What do the Californians know that we don't?

What is so special about California? Why is the average price of a house there five times higher than nationwide? Why on a salary of $100,000 per year, you can hardly afford to rent a decent apartment in the large cities there?

It is true, Californians have a nice looking Pacific coastline. They also have a pleasant climate. But they are not the only one. Oregon to the north has a Pacific coast just as nice. The Oregon's climate is even better and their taxes are lower. Still everyone wants to live in California.

The Californians are a special bunch. They must know something that other folks don't. Otherwise, how can they market themselves so successfully? Marketing, you said? It can't be that simple. Or is it?

How the Gold Rush made California (or was it the other way around) ?

California became a state in 1848. Almost at the same time the Gold Rush stories made California a world-wide symbol for instant riches. The stuff dreams are made of.

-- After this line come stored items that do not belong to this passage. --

Lemma generator_tree_law_Tr (k : law -> R) l m r :
  (forall M Y, affine (fun X => k (law_Tr X M Y))) ->
  (forall X Y, affine (fun M => k (law_Tr X M Y))) ->
  (forall X M, affine (fun Y => k (law_Tr X M Y))) ->
  generator (Tr l m r) (fun x => k (D x)) =
  lin (fun X => k (law_Tr X (D m) (D r))) (gen_law l D)
  + lin (fun M => k (law_Tr (D l) M (D r))) (gen_law m D)
  + lin (fun Y => k (law_Tr (D l) (D m) Y)) (gen_law r D).
Proof. intros H1 H2 H3. rewrite generator_Tr, <- !generator_affine by auto. reflexivity. Qed.

End TreeLaw.

Section Backward.
Variables (leaf : R -> law) (x : R).

Definition backward (t : asg_tree) : Prop :=
  is_derive_law (fun z => tree_law t (leaf z)) x (gen_law t (fun t' => tree_law t' (leaf x))).

Tactic Notation "law_coords" :=
  cbn [gen_law law0 tree_law law_Mk law_Bi law_Tr p_anc p_anc_root0 p_root].
Tactic Notation "law_coords" "in" "*" :=
  cbn [gen_law law0 tree_law law_Mk law_Bi law_Tr p_anc p_anc_root0 p_root] in *.

Lemma backward_Mk b t : backward t -> backward (Mk b t).
Proof.
  intros (Xa & Xb & Xc); law_coords in *.
  split; [|split]; law_coords; rewrite generator_tree_law_Mk by (destruct b; solve_affine);
    unfold lin; destruct b; law_coords; solve_derive.
Qed.

Lemma backward_Bi l r : backward l -> backward r -> backward (Bi l r).
Proof.
  intros (Xa & Xb & Xc) (Ya & Yb & Yc); law_coords in *.
  split; [|split]; law_coords; rewrite generator_tree_law_Bi by solve_affine;
    unfold lin; law_coords; solve_derive.
Qed.

Lemma backward_Tr l m r : backward l -> backward m -> backward r -> backward (Tr l m r).
Proof.
  intros (Xa & Xb & Xc) (Ma & Mb & Mc) (Ya & Yb & Yc); law_coords in *.
  split; [|split]; law_coords; rewrite generator_tree_law_Tr by solve_affine;
    unfold lin; law_coords; solve_derive.
Qed.

Lemma backward_all_trees : backward Lf -> forall t, backward t.
Proof.
  intros H0 t; induction t;
    [exact H0 | apply backward_Mk | apply backward_Bi | apply backward_Tr]; auto.
Qed.

End Backward.

Section Solution.
Variables (y0 : R) (Y : R -> R).
Hypotheses (hnu0 : nu0 = 0) (hnu1 : nu1 = 1) (hs : 0 < s) (hgam : 0 <= gam) (hu : 0 < u)
  (hy0 : 0 <= y0 <= 1) (hY : all_continuous Y) (hY0 : Y 0 = y0)
  (hY' : forall z, 0 < z ->
     is_derive Y z (- Y z * (1 - Y z) * (s + gam * (1 - Y z)) + u * (1 - Y z))).

Definition hazard (z : R) : R := (1 - Y z) * (s + gam * (1 - Y z)).

Definition g_formula (z : R) : R := y0 * exp (- RInt hazard 0 z).

(* Not the law of a typed leaf: A = 1 with probability [g_formula z] but V = 1 with
   probability [Y z]. At [z = 0] both are [y0], the typing used in [g_asg]. *)
Definition leaf_law (z : R) : law := Law (g_formula z) 0 (Y z).

Definition anc_prob (t : asg_tree) (z : R) : R := p_anc (tree_law t (leaf_law z)).

Lemma hazard_continuous : all_continuous hazard.
Proof. intros z; unfold hazard; solve_continuous. Qed.

Lemma g_formula_derive z : is_derive g_formula z (- hazard z * g_formula z).
Proof.
  pose proof (is_derive_RInt_upper hazard 0 z hazard_continuous).
  unfold g_formula; solve_derive.
Qed.

Lemma g_formula_continuous : all_continuous g_formula.
Proof. intros z; apply (ex_derive_continuous g_formula); eexists; apply g_formula_derive. Qed.

Lemma g_formula_0 : g_formula 0 = y0.
Proof. unfold g_formula. rewrite RInt_Rpoint, Ropp_0, exp_0. ring. Qed.

Lemma Y_le_1 r : 0 <= r -> Y r <= 1.
Proof.
  intros Hr.
  set (a z := Y z * (s + gam * (1 - Y z)) - u).
  assert (Ha : all_continuous a) by (intros z; unfold a; solve_continuous).
  enough (0 <= 1 - Y r) by lra.
  apply (linear_ode_nonneg (fun z => 1 - Y z) (fun z => RInt a 0 z) a (fun _ => 0) r); auto.
  - intros z; solve_continuous.
  - intros z; solve_continuous.
  - intros z; apply is_derive_RInt_upper, Ha.
  - intros z Hz. pose proof (hY' z Hz). unfold a; solve_derive.
  - lra.
  - intros; lra.
Qed.

Lemma g_formula_le_Y r : 0 <= r -> g_formula r <= Y r.
Proof.
  intros Hr. enough (0 <= Y r - g_formula r) by lra.
  pose proof hazard_continuous as Hh. pose proof g_formula_continuous as Hg.
  apply (linear_ode_nonneg (fun z => Y z - g_formula z) (fun z => - RInt hazard 0 z)
           (fun z => - hazard z) (fun z => u * (1 - Y z)) r); auto.
  - intros z; solve_continuous.
  - intros z; solve_continuous.
  - intros z; pose proof (is_derive_RInt_upper hazard 0 z Hh); solve_derive.
  - intros z Hz. pose proof (hY' z Hz). pose proof (g_formula_derive z).
    unfold hazard in *; solve_derive.
  - rewrite g_formula_0, hY0. lra.
  - intros z Hz. pose proof (Y_le_1 z (proj1 Hz)). nra.
Qed.

Lemma g_formula_nonneg z : 0 <= g_formula z.
Proof. unfold g_formula. pose proof (exp_pos (- RInt hazard 0 z)). nra. Qed.

Lemma anc_prob_bounds t r : 0 <= r -> 0 <= anc_prob t r <= 1.
Proof.
  intros Hr. unfold anc_prob.
  assert (HL : law_valid (leaf_law r)).
  { pose proof (g_formula_nonneg r). pose proof (g_formula_le_Y r Hr). pose proof (Y_le_1 r Hr).
    unfold law_valid, leaf_law; cbn. lra. }
  destruct (tree_law_valid _ t HL) as (H1 & H2 & H3 & H4). lra.
Qed.

Lemma backward_leaf x : 0 < x -> backward leaf_law x Lf.
Proof.
  intros Hx. pose proof (hY' x Hx). pose proof (g_formula_derive x).
  unfold backward, is_derive_law, gen_law, generator, jump_sum, exit_rate, lam.
  rewrite hnu0, hnu1. unfold hazard in *; cbn.
  split; [|split]; solve_derive.
Qed.

Lemma tree_law_continuous t :
  all_continuous (fun z => p_anc (tree_law t (leaf_law z))) /\
  all_continuous (fun z => p_anc_root0 (tree_law t (leaf_law z))) /\
  all_continuous (fun z => p_root (tree_law t (leaf_law z))).
Proof.
  pose proof g_formula_continuous.
  induction t as [|b t IH|l IHl r IHr|l IHl m IHm r IHr]; cbn [tree_law].
  - repeat split; intros z; cbn; solve_continuous.
  - destruct IH as (? & ? & ?); destruct b; repeat split; intros z; cbn; solve_continuous.
  - destruct IHl as (? & ? & ?), IHr as (? & ? & ?); repeat split; intros z; cbn; solve_continuous.
  - destruct IHl as (? & ? & ?), IHm as (? & ? & ?), IHr as (? & ? & ?);
      repeat split; intros z; cbn; solve_continuous.
Qed.

Lemma anc_prob_continuous t : all_continuous (anc_prob t).
Proof. apply tree_law_continuous. Qed.

Lemma anc_prob_derive t x :
  0 < x -> is_derive (anc_prob t) x (generator t (fun t' => anc_prob t' x)).
Proof. intros Hx. exact (proj1 (backward_all_trees leaf_law x (backward_leaf x Hx) t)). Qed.

Lemma ev_rate_nonneg e : 0 <= ev_rate s gam u nu0 nu1 e.
Proof. destruct e; cbn; rewrite ?hnu0, ?hnu1; nra. Qed.

Lemma exit_rate_eq t : exit_rate t = (s + gam + u) * INR (nleaves t).
Proof. unfold exit_rate, lam. rewrite hnu0, hnu1. ring. Qed.

Lemma jump_sum_continuous t (H : asg_tree -> R -> R) : (forall t', all_continuous (H t')) ->
  all_continuous (fun z => jump_sum t (fun t' => H t' z)).
Proof.
  intros HH. apply sumR_continuous; intros i. apply sumR_continuous; intros e z.
  apply (continuous_mult (fun _ => ev_rate s gam u nu0 nu1 e)); [apply continuous_const | apply HH].
Qed.

Lemma conv_jump_sum L t (H : asg_tree -> R -> R) r : (forall t', all_continuous (H t')) ->
  conv L (fun z => jump_sum t (fun t' => H t' z)) r = jump_sum t (fun t' => conv L (H t') r).
Proof.
  intros HH.
  assert (Hc : forall i e, all_continuous (fun z => ev_rate s gam u nu0 nu1 e * H (grow t i e) z)).
  { intros i e z. apply (continuous_mult (fun _ => ev_rate s gam u nu0 nu1 e));
      [apply continuous_const | apply HH]. }
  unfold jump_sum. rewrite conv_sumR by (intros i; apply sumR_continuous, Hc).
  apply sumR_ext; intros i. rewrite conv_sumR by apply Hc.
  apply sumR_ext; intros e. apply conv_scal, HH.
Qed.

Lemma Rabs_jump_sum_le t G B : (forall i e, Rabs (G (grow t i e)) <= B) ->
  Rabs (jump_sum t G) <= B * exit_rate t.
Proof.
  intros HB. rewrite <- jump_sum_const. unfold jump_sum.
  eapply Rle_trans; [apply Rabs_sumR|]. apply sumR_le; intros i _.
  eapply Rle_trans; [apply Rabs_sumR|]. apply sumR_le; intros e _.
  rewrite Rabs_mult, (Rabs_pos_eq _ (ev_rate_nonneg e)).
  apply Rmult_le_compat_l; [apply ev_rate_nonneg | apply HB].
Qed.

Lemma anc_prob_duhamel t r : 0 <= r ->
  anc_prob t r = exp (- exit_rate t * r) * anc_prob t 0
                 + jump_sum t (fun t' => conv (exit_rate t) (anc_prob t') r).
Proof.
  intros Hr. rewrite <- conv_jump_sum by apply anc_prob_continuous.
  apply duhamel; auto using anc_prob_continuous.
  - apply jump_sum_continuous, anc_prob_continuous.
  - apply anc_prob_derive.
Qed.

Definition jump_term (k : nat) (t : asg_tree) (r : R) : R := jumpsum s gam u nu0 nu1 y0 k t r.

Lemma jump_term_0 t r : jump_term 0 t r = exp (- exit_rate t * r) * anc_prob t 0.
Proof.
  unfold jump_term, anc_prob, leaf_law; cbn [jumpsum].
  rewrite g_formula_0, hY0, anc_type1_prob_tree_law. reflexivity.
Qed.

Lemma jump_term_S k t r :
  jump_term (S k) t r = jump_sum t (fun t' => conv (exit_rate t) (jump_term k t') r).
Proof. reflexivity. Qed.

Lemma jump_term_continuous k t : all_continuous (jump_term k t).
Proof.
  revert t; induction k as [|k IH]; intros t z.
  - apply (continuous_ext (fun r => exp (- exit_rate t * r) * anc_prob t 0));
      [intros; symmetry; apply jump_term_0 | solve_continuous].
  - apply (continuous_ext (fun r => jump_sum t (fun t' => conv (exit_rate t) (jump_term k t') r)));
      [reflexivity|].
    apply jump_sum_continuous. intros t'. apply conv_continuous, IH.
Qed.

Definition series_tail (N : nat) (t : asg_tree) (r : R) : R :=
  anc_prob t r - sum_n (fun k => jump_term k t r) N.

Lemma series_tail_0_eq t z : series_tail 0 t z = anc_prob t z - jump_term 0 t z.
Proof. unfold series_tail. rewrite sum_O. reflexivity. Qed.

Lemma series_tail_S_eq N t z : series_tail (S N) t z = series_tail N t z - jump_term (S N) t z.
Proof. unfold series_tail. rewrite sum_Sn. unfold plus; cbn. ring. Qed.

Lemma series_tail_continuous N t : all_continuous (series_tail N t).
Proof.
  pose proof (anc_prob_continuous t). pose proof (jump_term_continuous 0 t).
  induction N as [|N IH]; intros z.
  - apply (continuous_ext (fun z => anc_prob t z - jump_term 0 t z));
      [intros; symmetry; apply series_tail_0_eq | solve_continuous].
  - pose proof (jump_term_continuous (S N) t).
    apply (continuous_ext (fun z => series_tail N t z - jump_term (S N) t z));
      [intros; symmetry; apply series_tail_S_eq | solve_continuous].
Qed.

Lemma series_tail_0 t r : 0 <= r ->
  series_tail 0 t r = jump_sum t (fun t' => conv (exit_rate t) (anc_prob t') r).
Proof. intros Hr. rewrite series_tail_0_eq, jump_term_0, (anc_prob_duhamel t r Hr). ring. Qed.

Lemma series_tail_S N t r : 0 <= r ->
  series_tail (S N) t r = jump_sum t (fun t' => conv (exit_rate t) (series_tail N t') r).
Proof.
  intros Hr. revert t; induction N as [|N IH]; intros t;
    rewrite series_tail_S_eq, jump_term_S, ?series_tail_0, ?IH, <- jump_sum_minus by exact Hr;
    apply jump_sum_ext; intros t';
    rewrite <- conv_minus
      by auto using anc_prob_continuous, jump_term_continuous, series_tail_continuous;
    apply conv_ext; intros z; rewrite ?series_tail_0_eq, ?series_tail_S_eq; reflexivity.
Qed.

Definition growth_bound (K : R) (t : asg_tree) (r : R) : R :=
  INR (nleaves t) / (INR (nleaves t) + K) * exp (2 * (s + gam + u) * r).

Lemma jump_conv_bound t (f : asg_tree -> R -> R) K r : 0 <= r -> 0 <= K ->
  (forall t', all_continuous (f t')) ->
  (forall t' z, 0 <= z <= r -> Rabs (f t' z) <= growth_bound K t' z) ->
  Rabs (jump_sum t (fun t' => conv (exit_rate t) (f t') r)) <= growth_bound (2 + K) t r.
Proof.
  intros Hr HK Hc Hb. unfold growth_bound in *. rewrite exit_rate_eq.
  set (lam := s + gam + u) in *. assert (Hlam : 0 < lam) by (unfold lam; lra).
  set (n := INR (nleaves t)).
  assert (Hn : 1 <= n) by (apply (le_INR 1), nleaves_pos).
  set (M := (n + 2) / (n + 2 + K)).
  eapply Rle_trans.
  - apply (Rabs_jump_sum_le _ _ (M * exp (2 * lam * r) / (lam * n + 2 * lam))).
    intros i e. apply conv_bound; auto; [nra|].
    intros z Hz. eapply Rle_trans; [apply Hb, Hz|].
    apply Rmult_le_compat_r; [apply Rlt_le, exp_pos|].
    pose proof (nleaves_grow t i e) as Hg. apply le_INR in Hg. rewrite plus_INR in Hg.
    pose proof (nleaves_pos (grow t i e)) as Hg1. apply le_INR in Hg1. cbn in Hg, Hg1. fold n in Hg.
    apply ratio_add_le; lra.
  - right. rewrite exit_rate_eq. unfold M. fold lam n. field. nra.
Qed.

Lemma series_tail_bound N t r : 0 <= r ->
  Rabs (series_tail N t r) <= growth_bound (2 * INR (S N)) t r.
Proof.
  revert t r; induction N as [|N IH]; intros t r Hr.
  - rewrite series_tail_0 by exact Hr. replace (2 * INR 1) with (2 + 0) by (cbn; ring).
    apply jump_conv_bound; auto using anc_prob_continuous; [lra|].
    intros t' z Hz. unfold growth_bound.
    pose proof (nleaves_pos t') as H1; apply le_INR in H1; cbn in H1.
    replace (INR (nleaves t') / (INR (nleaves t') + 0)) with 1 by (field; lra). rewrite Rmult_1_l.
    destruct (anc_prob_bounds t' z (proj1 Hz)).
    pose proof (exp_ineq1_le (2 * (s + gam + u) * z)).
    assert (0 <= 2 * (s + gam + u) * z) by nra.
    rewrite Rabs_pos_eq; lra.
  - rewrite series_tail_S by exact Hr.
    replace (2 * INR (S (S N))) with (2 + 2 * INR (S N)) by (rewrite (S_INR (S N)); ring).
    apply jump_conv_bound; auto using series_tail_continuous.
    + pose proof (pos_INR (S N)). lra.
    + intros t' z Hz. apply IH, Hz.
Qed.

How did it happen? How did the California myth started? If you were to discover gold, would you mine it yourself, or would you tell everyone in town about your discovery?

Well, when we learn about it, the first Californians were not that stupid. They tried to mine the golden hills around San Francisco on their own. Very soon they discovered that mining gold is hard labor. Big nuggets were few and far in between. The miners had to crash tons of rocks for few specks of gold.

What was the Californians' next step? Stories about gold nuggets lying on the ground started to appear in every newspaper in the world. If those stories were true or not, no one could care less. Those stories sold newspapers and they also started an avalanche of fortune seekers descending on California.

While those new immigrants took upon themselves the hard labor of extracting the gold from the ground, the Californians enjoyed their new economic prosperity. They sold tools and services to the miners. Never mind that the miners had to pay for a head of lettuce about hundred times what it cost in New York. The real fortunes were built on services to the miners. Their profits built San Francisco.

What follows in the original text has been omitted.